Just like any other transaction every company needs to comply with the taxation laws which are pertinent to a deal tendered tax implications, some of which are:
Capital gains tax
The laws on capital gains tax differ from country to country. The acquirer company should explore or investigate various rules which might be helpful in the future to avoid any violations. The gains arising out of the transfer of capital are taxed however it differs from country to country. If M&A transactions involve companies operating in two different countries then compliance with the tax laws of both countries needs to be adhered to
Tax on transfer of shares
This transfer of shares may attract stamp duties and securities transactions tax. If the transfer of shares is dissolved then no tax may be placed upon the company
Tax on business assets
This is levied upon the assets of the company however these regulations change from nation to nation.
This due diligence is considered paramount in any transaction, in a layman’s sense it is considered as a checklist before the acquisition of a company.
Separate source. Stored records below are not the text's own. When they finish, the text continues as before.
(* Let $k$ be an algebraically closed field, let $n\ge 1$ and $1\le g\le n$. Let $K$ be the quiver with vertices $0,1,\dots,n$ and arrows $\beta_x: x\to x+1$ for $0\le x\le g-1$ and $\alpha_x: x+1\to x$ for $g\le x\le n$, where vertex indices are read modulo $n+1$ (so $\alpha_n:0\to n$). For integers $p\le q$ let $V_{(p,q)}\in\operatorname{rep}K$ be the representation defined in the context, and for $V\in\operatorname{rep}K$ let $\overline V\in\operatorname{rep}K$ be the representation defined in the context (dualize, then relabel vertices by the permutation $G$). Let $p,q\in\mathbb Z$ with $p\le q$, and let $p',q'\in\mathbb Z$ satisfy $p'\equiv Gq \pmod{n+1}$, $q'\equiv Gp\pmod{n+1}$ and $q'-p'=q-p$. Then there is an isomorphism of representations $\overline{V_{(p,q)}}\cong V_{(p',q')}$.
   Context: Representations of $K$ are finite-dimensional: a $k$-vector space $V(x)$ at each vertex and a linear map $V(\gamma):V(x)\to V(y)$ for each arrow $\gamma:x\to y$; morphisms are families of linear maps commuting with all arrow maps; $\operatorname{rep}K$ denotes this category. Interval representations: for $0\le p\le n$ and $q\ge p$, let $E$ have basis $e_p,\dots,e_q$ and set $V_{(p,q)}(x)=\bigoplus_{p\le i\le q,\ i\equiv x \ (\mathrm{mod}\ n+1)} k e_i$. For $0\le x\le g-1$, $V_{(p,q)}(\beta_x)$ sends $e_i$ (with $i\equiv x$) to $e_{i+1}$ if $i<q$ and to $0$ if $i=q$. For $g\le x\le n$, $V_{(p,q)}(\alpha_x)$ sends $e_i$ (with $i\equiv x+1$) to $e_{i-1}$ if $i>p$ and to $0$ if $i=p$. For arbitrary $p\in\mathbb Z$ and $q\ge p$, set $V_{(p,q)}:=V_{(p_0,q+p_0-p)}$ where $p_0\in\{0,\dots,n\}$, $p_0\equiv p \pmod{n+1}$. The permutation $G$ of $\{0,\dots,n\}$: $Gx=g-x$ for $0\le x\le g$ and $Gx=n+g+1-x$ for $g+1\le x\le n$; it is extended to $\mathbb Z$ by $Gz:=G(z\bmod (n+1))$ with $z\bmod(n+1)\in\{0,\dots,n\}$. For every arrow $\gamma:x\to y$ of $K$ there is an arrow $G\gamma: Gy\to Gx$ of $K$. For $V\in\operatorname{rep}K$ define $\overline V\in \operatorname{rep} K$ by $\overline V(x)=V(Gx)^*$ (dual space) for each vertex $x$ and, for each arrow $\gamma:x\to y$ of $K$, $\overline V(G\gamma)=V(\gamma)^*:V(y)^*\to V(x)^*$ (the dual map), which is a map $\overline V(Gy)\to\overline V(Gx)$. *)

From HB Require Import structures.
From mathcomp Require Import all_boot all_order all_algebra.
From mathcomp Require Import zify.
Set Implicit Arguments. Unset Strict Implicit. Unset Printing Implicit Defensive.
Import Order.TTheory GRing.Theory Num.Theory.

(* The quiver K with vertices 0..n (type 'I_n.+1) and n+1 arrows, also
   indexed by 'I_n.+1: arrow a is beta_a : a -> a+1 if a < g, and
   alpha_a : a+1 -> a if g <= a (indices mod n+1). *)
Section Quiver.
Variables (n g : nat).

Definition vsucc (x : 'I_n.+1) : 'I_n.+1 := inord (x.+1 %% n.+1).
Definition src (a : 'I_n.+1) : 'I_n.+1 := if a < g then a else vsucc a.
Definition tgt (a : 'I_n.+1) : 'I_n.+1 := if a < g then vsucc a else a.

(* The permutation G on vertices, and the induced map on arrows
   (G beta_a = beta_(g-1-a), G alpha_a = alpha_(n+g-a)). *)
Definition Gnat (x : nat) : nat := if x <= g then g - x else n + g + 1 - x.
Definition Gv (x : 'I_n.+1) : 'I_n.+1 := inord (Gnat x).
Definition Ga (a : 'I_n.+1) : 'I_n.+1 :=
  inord (if (a < g)%N then g - 1 - a else n + g - a).

Lemma inordE (m : nat) : nat_of_ord (@inord n m) = if m <= n then m else 0.
Proof.
case: (leqP m n) => h; first by rewrite inordK.
by rewrite /inord /insubd insubF //; apply/negbTE; rewrite -leqNgt.
Qed.

Lemma vsuccE (x : 'I_n.+1) : nat_of_ord (vsucc x) = if nat_of_ord x == n then 0 else x.+1.
Proof.
rewrite /vsucc inordE; have := ltn_ord x.
case: eqP => hx hlt.
  by rewrite hx modnn.
rewrite modn_small; last by lia.
by rewrite ifT //; lia.
Qed.

Ltac crunch :=
  repeat (rewrite ?(fun_if (@nat_of_ord n.+1)) ?vsuccE ?inordE);
  repeat match goal with |- context [if ?c then _ else _] =>
    lazymatch c with
    | context [if _ then _ else _] => fail
    | _ => case: (boolP c) => ? /=
    end end;
  lia.

Lemma tgt_Ga (hg : g <= n) (a : 'I_n.+1) : tgt (Ga a) = Gv (src a).
Proof.
apply: ord_inj; have := ltn_ord a => ha.
rewrite /tgt /src /Ga /Gv /Gnat /=.
crunch.
Qed.

Lemma src_Ga (hg : g <= n) (a : 'I_n.+1) : src (Ga a) = Gv (tgt a).
Proof.
apply: ord_inj; have := ltn_ord a => ha.
rewrite /tgt /src /Ga /Gv /Gnat /=.
crunch.
Qed.

End Quiver.

(* A finite-dimensional representation of K over k, in coordinates:
   V(x) = k^(rdim x) (row vectors), V(a) : k^(rdim (src a)) -> k^(rdim (tgt a))
   given by v |-> v *m rmap a. *)
Record rep (k : fieldType) (n g : nat) := Rep {
  rdim : 'I_n.+1 -> nat;
  rmap : forall a : 'I_n.+1, 'M[k]_(rdim (@src n g a), rdim (@tgt n g a))
}.

Section Reps.
Variables (k : fieldType) (n g : nat).
Local Open Scope ring_scope.

Definition rep_morph (V W : rep k n g)
  (f : forall x : 'I_n.+1, 'M[k]_(rdim V x, rdim W x)) : Prop :=
  forall a : 'I_n.+1, rmap V a *m f (@tgt n g a) = f (@src n g a) *m rmap W a.

Definition rep_iso (V W : rep k n g) : Prop :=
  exists f : forall x : 'I_n.+1, 'M[k]_(rdim V x, rdim W x),
  exists h : forall x : 'I_n.+1, 'M[k]_(rdim W x, rdim V x),
    rep_morph f /\
    forall x : 'I_n.+1, f x *m h x = 1%:M /\ h x *m f x = 1%:M.

(* The interval representation V_(p,q) for natural p <= q: basis e_p..e_q,
   V(x) spanned by the e_i with i = x mod n+1 (in increasing order of i). *)
Definition ivl_elems (p q : nat) (x : 'I_n.+1) : seq nat :=
  [seq i <- iota p (q - p).+1 | (i %% n.+1)%N == x].

Definition ivl_dim (p q : nat) (x : 'I_n.+1) : nat := size (ivl_elems p q x).

(* beta_a : e_i |-> e_(i+1) (0 if i = q);  alpha_a : e_i |-> e_(i-1) (0 if i = p) *)
Definition ivl_map (p q : nat) (a : 'I_n.+1) :
  'M[k]_(ivl_dim p q (@src n g a), ivl_dim p q (@tgt n g a)) :=
  \matrix_(j, j')
    (if (a < g)%N then
       (nth 0%N (ivl_elems p q (@src n g a)) j).+1
         == nth 0%N (ivl_elems p q (@tgt n g a)) j'
     else
       nth 0%N (ivl_elems p q (@src n g a)) j
         == (nth 0%N (ivl_elems p q (@tgt n g a)) j').+1)%:R.

Definition Vnat (p q : nat) : rep k n g := Rep (ivl_map p q).

Definition Vint (p q : int) : rep k n g :=
  let p0 := absz (p %% n.+1)%Z in
  Vnat p0 (absz (q - p + p0%:Z)).

(* The dual representation \overline V: \overline V(x) = V(Gx)^*, and
   \overline V(G gamma) = V(gamma)^* (the dual of v |-> v *m M is given, in
   dual bases, by the transpose).  Since G is an involution on arrows,
   \overline V(b) = V(G b)^*. *)
Definition rep_dual (hg : (g <= n)%N) (V : rep k n g) : rep k n g :=
  @Rep k n g (fun x => rdim V (@Gv n g x))
    (fun b => castmx (f_equal (rdim V) (tgt_Ga hg b),
                      f_equal (rdim V) (src_Ga hg b)) (rmap V (@Ga n g b))^T).

End Reps.

Definition Gz (n g : nat) (z : int) : nat := Gnat n g (absz (z %% n.+1)%Z).

(* Both representations have bases indexed by integer intervals: V_(p,q) has
   e_p, ..., e_q, and its dual, relabelled by G, carries the dual vector e_i^*
   at every vertex x with i = Gx (mod n+1).  Put c := p + q' = p' + q; then
   c = q + Gq = g (mod n+1).  The reflection i |-> c - i maps [p, q] onto
   [p', q'] and, since x + Gx = g (mod n+1), it maps the indices lying over Gx
   onto those lying over x.  Dualizing turns each shift e_i |-> e_(i+-1) around,
   and the reflection turns it back, so the permutation matrices of the
   reflection form an isomorphism; their inverses are their transposes. *)

From HB Require Import structures.
From mathcomp Require Import all_boot all_order all_algebra.
From mathcomp Require Import zify.
Import Order.TTheory GRing.Theory Num.Theory.

Set Implicit Arguments. Unset Strict Implicit. Unset Printing Implicit Defensive.

Section RelationMatrices.
Variable k : comNzRingType.
Local Open Scope ring_scope.

Definition relmx (s t : seq nat) (R : rel nat) : 'M[k]_(size s, size t) :=
  \matrix_(i, j) (R (nth 0%N s i) (nth 0%N t j))%:R.

Lemma eq_relmx (s t : seq nat) (R R' : rel nat) :
  {in s & t, R =2 R'} -> relmx s t R = relmx s t R'.
Proof. by move=> eqR; apply/matrixP => i j; rewrite !mxE eqR ?mem_nth. Qed.

Lemma trmx_relmx (s t : seq nat) (R : rel nat) :
  (relmx s t R)^T = relmx t s (fun j i => R i j).
Proof. by apply/matrixP => i j; rewrite !mxE. Qed.

Lemma castmx_relmx (s s' t t' : seq nat) (R : rel nat)
    (e : (size s = size s') * (size t = size t')) :
  s = s' -> t = t' -> castmx e (relmx s t R) = relmx s' t' R.
Proof. by move=> es et; apply/matrixP => i j; rewrite castmxE !mxE /= es et. Qed.

Lemma relmx_id (s : seq nat) : uniq s -> relmx s s eq_op = 1%:M.
Proof. by move=> us; apply/matrixP => i j; rewrite !mxE nth_uniq. Qed.

Lemma mul_relmx_graphl (s t u : seq nat) (f : nat -> nat) (R : rel nat) :
  uniq t -> {in s, forall i, f i \in t} ->
  relmx s t (fun i j => f i == j) *m relmx t u R = relmx s u (fun i l => R (f i) l).
Proof.
move=> ut ft; apply/matrixP => i l; rewrite !mxE.
have fi_t := ft _ (mem_nth 0%N (ltn_ord i)).
rewrite (bigD1 (Ordinal (etrans (index_mem _ _) fi_t))) //=.
rewrite !mxE nth_index // eqxx mul1r big1 ?addr0 // => j neq_j.
rewrite !mxE; case: eqP => [fij | _]; last by rewrite mul0r.
by case/eqP: neq_j; apply: ord_inj; rewrite /= fij index_uniq.
Qed.

Lemma mul_relmx_graphr (s t u : seq nat) (h : nat -> nat) (R : rel nat) :
  uniq t -> {in u, forall l, h l \in t} ->
  relmx s t R *m relmx t u (fun j l => j == h l) = relmx s u (fun i l => R i (h l)).
Proof.
move=> ut ht; apply: (@trmx_inj _ (size s) (size u)); rewrite trmx_mul !trmx_relmx.
rewrite (eq_relmx (R' := fun l j => h l == j)); last by move=> l j _ _; rewrite eq_sym.
exact: mul_relmx_graphl.
Qed.

End RelationMatrices.

Section IntervalElements.
Variable n : nat.

Lemma ivl_elems_uniq (p q : nat) (x : 'I_n.+1) : uniq (ivl_elems p q x).
Proof. exact: filter_uniq (iota_uniq _ _). Qed.

Lemma mem_ivl_elems (p q : nat) (x : 'I_n.+1) (i : nat) : p <= q ->
  (i \in ivl_elems p q x) = (p <= i <= q) && (i %% n.+1 == x).
Proof.
move=> le_pq; rewrite mem_filter mem_iota andbC; congr (_ && _).
by apply/idP/idP => /andP[? ?]; apply/andP; split; lia.
Qed.

Lemma ivl_elems_reflect (p q p' q' : nat) (x y : 'I_n.+1) (i : nat) :
  p <= q -> p + q' = p' + q -> (x + y) %% n.+1 = (p + q') %% n.+1 ->
  i \in ivl_elems p q y -> p + q' - i \in ivl_elems p' q' x.
Proof.
move=> le_pq sum_pq xy_mod; have le_pq' : p' <= q' by lia.
rewrite !mem_ivl_elems //.
case/andP=> /andP[le_pi le_iq] /eqP i_mod; apply/andP; split; first by lia.
have: p + q' - i + y = x + y %[mod n.+1].
  by rewrite xy_mod -i_mod modnDmr subnK //; lia.
by move/eqP; rewrite eqn_modDr (modn_small (ltn_ord x)) => /eqP ->.
Qed.

End IntervalElements.

Section Quiver.
Variables (n g : nat).
Hypothesis le_gn : g <= n.

Lemma Gnat_addn_mod (x : nat) : x < n.+1 -> (x + Gnat n g x) %% n.+1 = g.
Proof.
move=> lt_xn; rewrite /Gnat; case: (leqP x g) => [le_xg | lt_gx].
  by rewrite subnKC // modn_small.
by rewrite (_ : _ + _ = g + n.+1); [rewrite modnDr modn_small | lia].
Qed.

Lemma Gv_addn_mod (x : 'I_n.+1) : (x + Gv g x) %% n.+1 = g.
Proof.
have lt_xn := ltn_ord x; rewrite /Gv inordK ?Gnat_addn_mod //.
by rewrite /Gnat; case: (leqP x g); lia.
Qed.

Definition arrow_rel (a : 'I_n.+1) : rel nat :=
  fun i j => if a < g then i.+1 == j else i == j.+1.

Lemma Ga_lt (a : 'I_n.+1) : 0 < g -> (Ga g a < g) = (a < g).
Proof.
move=> g_gt0; have lt_an := ltn_ord a.
by rewrite /Ga inordK; case: (ltnP a g) => /= ?; lia.
Qed.

Lemma arrow_rel_Ga (a : 'I_n.+1) : 0 < g -> arrow_rel (Ga g a) = arrow_rel a.
Proof. by move=> g_gt0; rewrite /arrow_rel Ga_lt. Qed.

Variable k : fieldType.

Lemma ivl_mapE (p q : nat) (a : 'I_n.+1) :
  ivl_map k g p q a = relmx k (ivl_elems p q (src g a)) (ivl_elems p q (tgt g a)) (arrow_rel a).
Proof. by []. Qed.

Lemma rmap_dual_Vnat (p q : nat) (a : 'I_n.+1) : 0 < g ->
  rmap (rep_dual le_gn (Vnat k n g p q)) a =
  relmx k (ivl_elems p q (Gv g (src g a))) (ivl_elems p q (Gv g (tgt g a)))
    (fun i j => arrow_rel a j i).
Proof.
move=> g_gt0; rewrite /= ivl_mapE trmx_relmx arrow_rel_Ga //.
by apply: castmx_relmx; rewrite ?tgt_Ga ?src_Ga.
Qed.

End Quiver.

Section DualInterval.
Variables (k : fieldType) (n g : nat) (p q p' q' : nat).
Hypotheses (g_gt0 : 0 < g) (le_gn : g <= n) (le_pq : p <= q).
Hypotheses (sum_pq : p + q' = p' + q) (c_mod : (p + q') %% n.+1 = g).

Let c := p + q'.
Let A (x : 'I_n.+1) := ivl_elems p q (Gv g x).
Let B (x : 'I_n.+1) := ivl_elems p' q' x.

Lemma reflect_memA (x : 'I_n.+1) (i : nat) : i \in A x -> c - i \in B x.
Proof. by apply: ivl_elems_reflect; rewrite // Gv_addn_mod. Qed.

Lemma reflect_memB (x : 'I_n.+1) (j : nat) : j \in B x -> c - j \in A x.
Proof.
rewrite /c sum_pq => j_B; apply: ivl_elems_reflect j_B; try lia.
by rewrite -sum_pq c_mod addnC Gv_addn_mod.
Qed.

Lemma memA_le (x : 'I_n.+1) (i : nat) : i \in A x -> i <= c.
Proof. by rewrite mem_ivl_elems // => /andP[/andP[_ ?] _]; lia. Qed.

Lemma memB_le (x : 'I_n.+1) (j : nat) : j \in B x -> j <= c.
Proof. by rewrite mem_ivl_elems; [move=> /andP[/andP[_ ?] _] | ]; lia. Qed.

Local Open Scope ring_scope.

Definition reflection_mx (x : 'I_n.+1) : 'M[k]_(size (A x), size (B x)) :=
  relmx k (A x) (B x) (fun i j => (c - i)%N == j).

Lemma trmx_reflection_mx (x : 'I_n.+1) :
  (reflection_mx x)^T = relmx k (B x) (A x) (fun j i => (c - j)%N == i).
Proof.
rewrite trmx_relmx; apply: eq_relmx => j i /memB_le ? /memA_le ?.
by apply/eqP/eqP; lia.
Qed.

Lemma reflection_mxK (x : 'I_n.+1) : reflection_mx x *m (reflection_mx x)^T = 1%:M.
Proof.
rewrite trmx_reflection_mx mul_relmx_graphl; [| exact: ivl_elems_uniq | exact: reflect_memA].
apply: etrans (relmx_id _ (ivl_elems_uniq _ _ _)).
by apply: eq_relmx => i i' /memA_le ? _; apply/eqP/eqP; lia.
Qed.

Lemma reflection_mxVK (x : 'I_n.+1) : (reflection_mx x)^T *m reflection_mx x = 1%:M.
Proof.
rewrite trmx_reflection_mx mul_relmx_graphl; [| exact: ivl_elems_uniq | exact: reflect_memB].
apply: etrans (relmx_id _ (ivl_elems_uniq _ _ _)).
by apply: eq_relmx => j j' /memB_le ? _; apply/eqP/eqP; lia.
Qed.

Lemma reflection_mx_morph :
  @rep_morph _ _ _ (rep_dual le_gn (Vnat k n g p q)) (Vnat k n g p' q') reflection_mx.
Proof.
move=> a; rewrite rmap_dual_Vnat //= ivl_mapE /reflection_mx.
rewrite mul_relmx_graphl; [| exact: ivl_elems_uniq | exact: reflect_memA].
rewrite (@eq_relmx _ (A (tgt g a)) _ _ (fun i j => i == (c - j)%N)); last first.
  by move=> i j /memA_le ? /memB_le ?; apply/eqP/eqP; lia.
rewrite mul_relmx_graphr; [| exact: ivl_elems_uniq | exact: reflect_memB].
apply: eq_relmx => i j /memA_le ? /memB_le ?; rewrite /arrow_rel.
by case: ifP => _; apply/eqP/eqP; lia.
Qed.

Lemma dual_Vnat_iso : rep_iso (rep_dual le_gn (Vnat k n g p q)) (Vnat k n g p' q').
Proof.
exists reflection_mx, (fun x => (reflection_mx x)^T); split.
  exact: reflection_mx_morph.
by move=> x; rewrite reflection_mxK reflection_mxVK.
Qed.

End DualInterval.

Section IntegerEndpoints.
Variables (n g : nat).
Hypothesis le_gn : (g <= n)%N.

Lemma absz_modz (z : int) : ((absz (z %% n.+1))%:Z = z %% n.+1)%Z.
Proof. by rewrite gez0_abs // modz_ge0. Qed.

Lemma Gz_addr_mod (z : int) : ((z + (Gz n g z)%:Z) %% n.+1 = g)%Z.
Proof.
have lt_zn : (absz (z %% n.+1)%Z < n.+1)%N.
  by rewrite -ltz_nat absz_modz ltz_pmod.
by rewrite -modzDml -(absz_modz z) -PoszD modz_nat /Gz Gnat_addn_mod.
Qed.

End IntegerEndpoints.

Theorem mainTheorem1 (k : closedFieldType) (n g : nat)
  (hn : (1 <= n)%N) (hg1 : (1 <= g)%N) (hg : (g <= n)%N)
  (p q p' q' : int) :
  (p <= q)%R ->
  (p' = (Gz n g q)%:Z %[mod n.+1])%Z ->
  (q' = (Gz n g p)%:Z %[mod n.+1])%Z ->
  (q' - p')%R = (q - p)%R ->
  rep_iso (rep_dual hg (Vint k n g p q)) (Vint k n g p' q').
Proof.
move=> le_pq p'_mod _ len_eq.
set p0 := absz (p %% n.+1)%Z; set p0' := absz (p' %% n.+1)%Z; set L := absz (q - p).
have eL : Posz L = (q - p)%R by rewrite gez0_abs // subr_ge0.
rewrite /Vint len_eq -eL -!PoszD /= -/p0 -/p0'.
apply: dual_Vnat_iso => //; [exact: leq_addl | lia |].
apply/eqP; rewrite -(eqz_nat (_ %% _)%N) -modz_nat !PoszD !absz_modz eL.
rewrite modzDml addrA modzDmr [(p + _)%R]addrC subrK.
by rewrite -modzDmr p'_mod modzDmr Gz_addr_mod.
Qed.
The acquirer conducts this before acquisition as they check upon the liabilities, financial records etc of the target company. It’s like an audit or a preliminary investigation. A due diligence checklist contains:
- Annual report,
- General risk management,
- Intellectual property issues (if any),
- Antitrust regulatory issues,
- IT concerns etc.
An important thing about due diligence is that the acquirer or the buyer can get to know about the various leads and issues of the company. It also helps in knowing the cost of integration and potential revenue.
Acquisition of gaming companies is similar to that of acquisition of any other company in the market keeping in mind some specific requirements of this industry that were discussed. With the onset of Technology, we can see a boom in the gaming industry. Analysts predict that the gaming industry would create revenue of around $260 billion in the future. As more and more independent developers and small and medium-sized gaming companies enter the market the scope of mergers and acquisitions in this industry will increase as well resulting in the need for more regulations in the industry. With the evolution of data protection laws around the world and a stricter intellectual property protection regime, the quantity and quality of compliances will increase as well.